Warum ist eine gut formulierte Problemstellung also gerade im beruflichen Bereich so wichtig?
Die Probleme, die Sie haben oder andere haben, sind der Schlüssel, um Ihre Geschäfte zu verbessern. Sie können Ihre Kunden dazu bringen, mehr von Ihnen zu kaufen. Sie können Ihre Produkte besser machen oder Sie können Ihr Marketing effektiver gestalten.
Oft sollten Sie sich ergänzend auch fragen: Was passiert, wenn man nichts ändert?
Ihr ursprüngliches Problem kann eine Menge an nachgelagerten Effekten mit sich bringen. So kann in der Produktion zum Beispiel ein Materialfehler in den Rohstoffen, der unerkannt bleibt, dazu führen, dass eine komplette Charge des Endproduktes fehlerhaft ist und enorm teure Ausfälle beim Endkunden mit sich bringt.
Hinweis: Genau in der Analyse von gerade wiederkehrenden Problemen liegt oft die Chance für den Aufbau neuer Unternehmen und Geschäftsmodelle, die genau die Beseitigung dieser Probleme im Fokus haben.
Wie bestimmen Sie das Problem, das Sie lösen wollen?
Um Schwierigkeiten bei potenziellen Kunden zu finden, müssen Sie sich als erstes Gedanken über die Personen oder die Unternehmen machen, die Sie erreichen möchten. Wie würden diese Personen beschreiben, was in ihrem (Beruflichen-)Leben nicht funktioniert? Was erhofft er oder sie sich von Ihrer Hilfe? Welche konkreten Ziele möchte diese Person als Ergebnis Ihrer gemeinsamen Arbeit erreichen? Was ist sein oder ihr größtes Hindernis? Welches sind die dringendsten Probleme dieser Person? Diese und ähnliche Fragen sind der Schlüssel, um das Verständnis für die Kunden zu entwickeln. Als Hilfsmittel kann hier auch eine Persona oder eine Empathy Map der Person erstellt werden.
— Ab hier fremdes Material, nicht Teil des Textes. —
Local Notation inv_ideal I := (colon (Rset _) I).

Section Submodules.
Variable R : idomainType.
Implicit Types (A B I J L M a b c : set {fraction R}) (x y : {fraction R}).

Lemma Rset0 : Rset R 0.
Proof. by exists 0; rewrite rmorph0. Qed.

Lemma Rset1 : Rset R 1.
Proof. by exists 1; rewrite rmorph1. Qed.

Lemma RsetD x y : Rset R x -> Rset R y -> Rset R (x + y).
Proof. by move=> [a ->] [b ->]; exists (a + b); rewrite rmorphD. Qed.

Lemma RsetM x y : Rset R x -> Rset R y -> Rset R (x * y).
Proof. by move=> [a ->] [b ->]; exists (a * b); rewrite rmorphM. Qed.

Lemma RsetN x : Rset R x -> Rset R (- x).
Proof. by move=> [a ->]; exists (- a); rewrite rmorphN. Qed.

Lemma submodule_Rset : submodule (Rset R).
Proof. by split; [exact: Rset0 | split; [exact: RsetD | move=> r x; exact: RsetM]]. Qed.

Lemma submodule0 I : submodule I -> I 0.
Proof. by case. Qed.

Lemma submoduleD I x y : submodule I -> I x -> I y -> I (x + y).
Proof. by case=> _ [+ _]; apply. Qed.

Lemma submoduleM I r x : submodule I -> Rset R r -> I x -> I (r * x).
Proof. by case=> _ [_ +]; apply. Qed.

Lemma submoduleB I x y : submodule I -> I x -> I y -> I (x - y).
Proof.
move=> sI Ix Iy; apply: submoduleD => //; rewrite -mulN1r.
by apply: submoduleM => //; apply/RsetN/Rset1.
Qed.

Lemma submodule_eqR I : submodule I -> I 1 -> I `<=` Rset R -> I = Rset R.
Proof.
move=> sI I1 IR; apply/seteqP; split=> // r Rr.
by rewrite -(mulr1 r); apply: submoduleM.
Qed.

Lemma mprod_mem I J x y : I x -> J y -> mprod I J (x * y).
Proof.
move=> Ix Jy; exists [:: (x, y)]; split; last by rewrite big_seq1.
by move=> p; rewrite inE => /eqP ->.
Qed.

Lemma mprod0 I J : mprod I J 0.
Proof. by exists [::]; rewrite big_nil. Qed.

Lemma mprodD I J x y : mprod I J x -> mprod I J y -> mprod I J (x + y).
Proof.
move=> [s [hs ->]] [t [ht ->]]; exists (s ++ t); split; last by rewrite big_cat.
by move=> p; rewrite mem_cat => /orP [/hs | /ht].
Qed.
An dieser Stelle sollten Sie noch nicht versuchen, die Probleme der Kunden zu lösen. Sie sollten sie erst mal besser verstehen lernen. Wenn Sie Ihre Kunden nicht gut verstehen, können Sie nicht gezielt und reproduzierbar helfen. Das ist einer der größten Fehler, indem oft versucht wird, schnell an einer Lösung zu arbeiten, bevor diese in den vielen Facetten verstanden wurde.
Wenn ich 8 Stunden Zeit hätte, einen Baum zu fällen, würde ich 6 Stunden die Axt schleifen! – Abraham Lincoln
Dieses Zitat beschreibt genau wie intensiv die Auseinandersetzung mit dem Problem sein sollte, bevor Sie an die Umsetzung möglicher Lösungen gehen.
Das Format eines Problem Statements
Das Problem Statement als Methode im Design Thinking wird meist als ein eindeutiger und gut verständlicher Satz formuliert, der auf die folgenden Fragen eine Antwort gibt:
Was ist das Problem? Warum ist das ein Problem?
Wer hat das Problem? Wer hat ein Bedürfnis?
Wann und wo tritt das Problem auf?
Wie wird es heute gelöst?
Ein sehr gutes Framework für das Problem Statement stammt aus dem Buch: „Das Design Thinking Toolbook*“ von Michael Lewrick*:
Wie können wir … (Was?) … (Für wen?) … neu gestalten, damit … (sein Bedürfnis) befriedigt wird.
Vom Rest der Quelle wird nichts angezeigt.